* Work order *
Look through the entries below and extract exactly the lines from the one containing "mul1x : forall x, mul one x = x;" through the one containing "(forall c, C c -> compactL c) /\ C one /\", ends included.

[[ Data in this exercise open ]]

(** The least element is [sup (fun _ => False)]. *)
Record MultLattice := {
  carrier :> Type;
  le : carrier -> carrier -> Prop;
  le_refl : forall x, le x x;
  le_trans : forall x y z, le x y -> le y z -> le x z;
  le_antisym : forall x y, le x y -> le y x -> x = y;
  sup : (carrier -> Prop) -> carrier;
  sup_ub : forall (F : carrier -> Prop) x, F x -> le x (sup F);
  sup_least : forall (F : carrier -> Prop) u, (forall x, F x -> le x u) -> le (sup F) u;
  mul : carrier -> carrier -> carrier;
  mulC : forall x y, mul x y = mul y x;
  mulA : forall x y z, mul x (mul y z) = mul (mul x y) z;
  one : carrier;
  one_top : forall x, le x one;
  mul1x : forall x, mul one x = x;
  mul_sup : forall a (F : carrier -> Prop),
      mul a (sup F) = sup (fun y => exists x, F x /\ y = mul a x);
  one_compact : forall F : carrier -> Prop, le one (sup F) ->
      exists l : list carrier, (forall x, In x l -> F x) /\ le one (sup (fun x => In x l))
}.

Arguments le {m}.
Arguments sup {m}.
Arguments mul {m}.
Arguments one {m}.

Section Defs.
Variable L : MultLattice.

Definition compactL (a : L) : Prop :=
  forall F : L -> Prop, le a (sup F) ->
    exists l : list L, (forall x, In x l -> F x) /\ le a (sup (fun x => In x l)).

Definition C_lattice : Prop :=
  exists C : L -> Prop,
    (forall c, C c -> compactL c) /\ C one /\
    (forall x y, C x -> C y -> C (mul x y)) /\
    (forall a : L, a = sup (fun c => C c /\ le c a)).

Definition maximal (m : L) : Prop :=
  m <> one /\ forall x : L, le m x -> x <> m -> x = one.

(** a_S for S = {x in L_* : x not <= m}, i.e. a_m *)
Definition locM (m a : L) : L :=
  sup (fun x => compactL x /\
        exists s, compactL s /\ ~ le s m /\ le (mul x s) a).

Definition inLm (m x : L) : Prop := exists a : L, x = locM m a.
Definition mulLm (m x y : L) : L := locM m (mul x y).
End Defs.

Arguments compactL {L}.
Arguments C_lattice L : clear implicits.
Arguments maximal {L}.
Arguments locM {L}.
Arguments inLm {L}.
Arguments mulLm {L}.

(** Generic notions for a multiplicative lattice M presented as a subset [P] of a
    type T, with order [le], product [mul] and identity [one]. Joins and
    compactness are taken *inside M* (order-theoretically). *)
Section Generic.
Variables (T : Type) (P : T -> Prop) (le : T -> T -> Prop)
          (mul : T -> T -> T) (one : T).

Definition isLub (F : T -> Prop) (u : T) : Prop :=
  P u /\ (forall x, F x -> le x u) /\
  (forall v, P v -> (forall x, F x -> le x v) -> le u v).

Definition compactIn (a : T) : Prop :=
  P a /\ forall (F : T -> Prop) (u : T), (forall x, F x -> P x) -> isLub F u -> le a u ->
    exists l : list T, (forall x, In x l -> F x) /\
      (forall v, P v -> (forall x, In x l -> le x v) -> le a v).

Definition isBottom (z : T) : Prop := P z /\ forall x, P x -> le z x.

Fixpoint pw (a : T) (n : nat) : T :=
  match n with O => one | S k => mul a (pw a k) end.

Definition quasi_nabs (n : nat) (q : T) : Prop :=
  P q /\ q <> one /\
  forall a b, compactIn a -> compactIn b ->
    le (mul (pw a n) b) q -> le (pw a n) q \/ le (mul (pw a (n - 1)) b) q.

Definition weakly_quasi_nabs (n : nat) (q : T) : Prop :=
  P q /\ q <> one /\
  forall a b, compactIn a -> compactIn b ->
    ~ isBottom (mul (pw a n) b) ->
    le (mul (pw a n) b) q -> le (pw a n) q \/ le (mul (pw a (n - 1)) b) q.
End Generic.

Arguments isLub {T}.
Arguments compactIn {T}.
Arguments isBottom {T}.
Arguments pw {T}.
Arguments quasi_nabs {T}.
Arguments weakly_quasi_nabs {T}.

From Stdlib Require Import List Lia.
Import ListNotations.

(* Compact elements of [L_m] are exactly the localizations [x_m] of compact [x] in [L], and
   for compact [x] one has [x <= q_m] iff [x s <= q] for some compact [s] not below [m].
   Given [a_m^n b_m <= q_m], choose such an [s] for [x^n y] and absorb it into the base:
   [(x s)^n y <= q].  The hypothesis on [q] applied to [x s] and [y] gives
   [x^n s^n <= q] or [x^(n-1) y s^(n-1) <= q]; since [m] is prime the powers of [s] stay
   outside [m], and localizing removes them.  In the weak case, [(x s)^n y = 0] would
   force [(x^n y)_m] to be the bottom of [L_m]. *)

Section MultLatticeFacts.
Variable L : MultLattice.

Local Notation pwL := (pw (@mul L) one).

Definition join2 (a b : L) : L := sup (fun t => t = a \/ t = b).

Lemma le_join2l (a b : L) : le a (join2 a b).
Proof. apply sup_ub; auto. Qed.

Lemma le_join2r (a b : L) : le b (join2 a b).
Proof. apply sup_ub; auto. Qed.

Lemma mul_monor (a b c : L) : le a b -> le (mul c a) (mul c b).
Proof.
  intros Hab. assert (Eb : b = join2 a b).
  { apply le_antisym; [apply le_join2r|].
    apply sup_least; intros t [-> | ->]; auto using le_refl. }
  rewrite Eb; unfold join2; rewrite mul_sup. apply sup_ub. exists a; auto.
Qed.

Lemma mul_monol (a b c : L) : le a b -> le (mul a c) (mul b c).
Proof. intros; rewrite (mulC _ a), (mulC _ b); apply mul_monor; auto. Qed.

Lemma mul_mono (a b c d : L) : le a b -> le c d -> le (mul a c) (mul b d).
Proof. intros; eapply le_trans; [apply mul_monol | apply mul_monor]; eauto. Qed.

Lemma mulr1 (a : L) : mul a one = a.
Proof. rewrite mulC; apply mul1x. Qed.

Lemma mul_le_l (a b : L) : le (mul a b) a.
Proof. rewrite <- (mulr1 a) at 2. apply mul_monor, one_top. Qed.

Lemma mulACA (a b c d : L) : mul (mul a b) (mul c d) = mul (mul a c) (mul b d).
Proof.
  rewrite <- mulA, (mulA _ b c d), (mulC _ b c), <- (mulA _ c b d), mulA.
  reflexivity.
Qed.

Lemma sup_mono (F G : L -> Prop) : (forall x, F x -> G x) -> le (sup F) (sup G).
Proof. intros H; apply sup_least; intros; apply sup_ub; auto. Qed.

Lemma mul_supl_le (F : L -> Prop) (t w : L) :
  (forall f, F f -> le (mul f t) w) -> le (mul (sup F) t) w.
Proof.
  intros H. rewrite mulC, mul_sup. apply sup_least. intros y [f [Ff ->]].
  rewrite mulC; auto.
Qed.

Lemma mul_sup2_le (F G : L -> Prop) (w : L) :
  (forall f g, F f -> G g -> le (mul f g) w) -> le (mul (sup F) (sup G)) w.
Proof.
  intros H. rewrite mul_sup. apply sup_least. intros y [g [Gg ->]].
  apply mul_supl_le. auto.
Qed.

Lemma pw_mul (x s : L) k : pwL (mul x s) k = mul (pwL x k) (pwL s k).
Proof.
  induction k as [|k IH]; simpl; [symmetry; apply mul1x|].
  rewrite IH. apply mulACA.
Qed.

[[ Data in this exercise closed ]]

* Solution to this task *
  mul1x : forall x, mul one x = x;
  mul_sup : forall a (F : carrier -> Prop),
      mul a (sup F) = sup (fun y => exists x, F x /\ y = mul a x);
  one_compact : forall F : carrier -> Prop, le one (sup F) ->
      exists l : list carrier, (forall x, In x l -> F x) /\ le one (sup (fun x => In x l))
}.

Arguments le {m}.
Arguments sup {m}.
Arguments mul {m}.
Arguments one {m}.

Section Defs.
Variable L : MultLattice.

Definition compactL (a : L) : Prop :=
  forall F : L -> Prop, le a (sup F) ->
    exists l : list L, (forall x, In x l -> F x) /\ le a (sup (fun x => In x l)).

Definition C_lattice : Prop :=
  exists C : L -> Prop,
    (forall c, C c -> compactL c) /\ C one /\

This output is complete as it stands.